### EXERCISE
From the entries below, retype only the lines from the one with "forall (g : G)" through the one with "From Stdlib Require Import Classical.", exactly as written.

### Saved entries
· · · · ·

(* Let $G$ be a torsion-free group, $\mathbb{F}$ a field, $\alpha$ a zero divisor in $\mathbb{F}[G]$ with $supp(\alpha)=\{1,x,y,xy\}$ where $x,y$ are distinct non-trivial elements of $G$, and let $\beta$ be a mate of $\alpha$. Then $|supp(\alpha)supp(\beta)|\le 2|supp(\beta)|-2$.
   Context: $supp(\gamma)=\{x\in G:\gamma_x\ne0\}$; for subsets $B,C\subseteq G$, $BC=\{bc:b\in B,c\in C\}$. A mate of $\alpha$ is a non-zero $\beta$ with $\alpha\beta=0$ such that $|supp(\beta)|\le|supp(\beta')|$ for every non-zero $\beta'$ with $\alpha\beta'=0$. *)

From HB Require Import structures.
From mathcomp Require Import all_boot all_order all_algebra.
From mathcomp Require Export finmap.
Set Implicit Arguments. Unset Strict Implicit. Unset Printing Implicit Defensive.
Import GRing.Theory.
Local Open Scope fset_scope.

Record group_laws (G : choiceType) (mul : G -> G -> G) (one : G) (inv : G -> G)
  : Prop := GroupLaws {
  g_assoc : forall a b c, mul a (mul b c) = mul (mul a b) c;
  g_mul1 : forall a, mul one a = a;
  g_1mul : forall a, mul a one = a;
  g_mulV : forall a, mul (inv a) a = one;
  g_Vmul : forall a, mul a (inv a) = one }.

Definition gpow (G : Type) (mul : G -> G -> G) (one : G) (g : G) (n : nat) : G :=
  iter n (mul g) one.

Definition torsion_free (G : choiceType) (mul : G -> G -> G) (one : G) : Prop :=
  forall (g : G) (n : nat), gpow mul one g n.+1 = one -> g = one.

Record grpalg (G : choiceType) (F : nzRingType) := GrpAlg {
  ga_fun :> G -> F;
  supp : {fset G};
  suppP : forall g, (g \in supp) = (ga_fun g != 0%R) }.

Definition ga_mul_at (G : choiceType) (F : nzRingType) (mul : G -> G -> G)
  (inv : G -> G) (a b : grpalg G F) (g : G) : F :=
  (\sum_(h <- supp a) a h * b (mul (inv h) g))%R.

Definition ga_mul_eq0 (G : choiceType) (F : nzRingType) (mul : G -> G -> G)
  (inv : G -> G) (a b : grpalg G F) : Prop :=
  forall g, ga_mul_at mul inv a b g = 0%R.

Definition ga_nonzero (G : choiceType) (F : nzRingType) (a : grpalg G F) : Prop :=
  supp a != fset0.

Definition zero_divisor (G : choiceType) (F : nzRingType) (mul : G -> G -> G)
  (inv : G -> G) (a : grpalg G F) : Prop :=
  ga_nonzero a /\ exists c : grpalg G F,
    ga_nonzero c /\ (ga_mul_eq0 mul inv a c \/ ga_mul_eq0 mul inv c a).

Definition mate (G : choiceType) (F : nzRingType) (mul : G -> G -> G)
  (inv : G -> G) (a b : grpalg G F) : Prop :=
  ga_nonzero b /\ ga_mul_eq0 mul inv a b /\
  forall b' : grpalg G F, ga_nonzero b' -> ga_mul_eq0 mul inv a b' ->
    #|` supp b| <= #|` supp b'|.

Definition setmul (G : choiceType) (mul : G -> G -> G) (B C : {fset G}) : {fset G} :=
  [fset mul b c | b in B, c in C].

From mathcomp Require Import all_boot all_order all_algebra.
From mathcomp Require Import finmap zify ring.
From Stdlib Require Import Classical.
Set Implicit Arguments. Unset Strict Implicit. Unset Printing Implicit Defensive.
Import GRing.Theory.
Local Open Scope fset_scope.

· · · · ·

### EXERCISE SOLUTION
  forall (g : G) (n : nat), gpow mul one g n.+1 = one -> g = one.

Record grpalg (G : choiceType) (F : nzRingType) := GrpAlg {
  ga_fun :> G -> F;
  supp : {fset G};
  suppP : forall g, (g \in supp) = (ga_fun g != 0%R) }.

Definition ga_mul_at (G : choiceType) (F : nzRingType) (mul : G -> G -> G)
  (inv : G -> G) (a b : grpalg G F) (g : G) : F :=
  (\sum_(h <- supp a) a h * b (mul (inv h) g))%R.

Definition ga_mul_eq0 (G : choiceType) (F : nzRingType) (mul : G -> G -> G)
  (inv : G -> G) (a b : grpalg G F) : Prop :=
  forall g, ga_mul_at mul inv a b g = 0%R.

Definition ga_nonzero (G : choiceType) (F : nzRingType) (a : grpalg G F) : Prop :=
  supp a != fset0.

Definition zero_divisor (G : choiceType) (F : nzRingType) (mul : G -> G -> G)
  (inv : G -> G) (a : grpalg G F) : Prop :=
  ga_nonzero a /\ exists c : grpalg G F,
    ga_nonzero c /\ (ga_mul_eq0 mul inv a c \/ ga_mul_eq0 mul inv c a).

Definition mate (G : choiceType) (F : nzRingType) (mul : G -> G -> G)
  (inv : G -> G) (a b : grpalg G F) : Prop :=
  ga_nonzero b /\ ga_mul_eq0 mul inv a b /\
  forall b' : grpalg G F, ga_nonzero b' -> ga_mul_eq0 mul inv a b' ->
    #|` supp b| <= #|` supp b'|.

Definition setmul (G : choiceType) (mul : G -> G -> G) (B C : {fset G}) : {fset G} :=
  [fset mul b c | b in B, c in C].

From mathcomp Require Import all_boot all_order all_algebra.
From mathcomp Require Import finmap zify ring.
From Stdlib Require Import Classical.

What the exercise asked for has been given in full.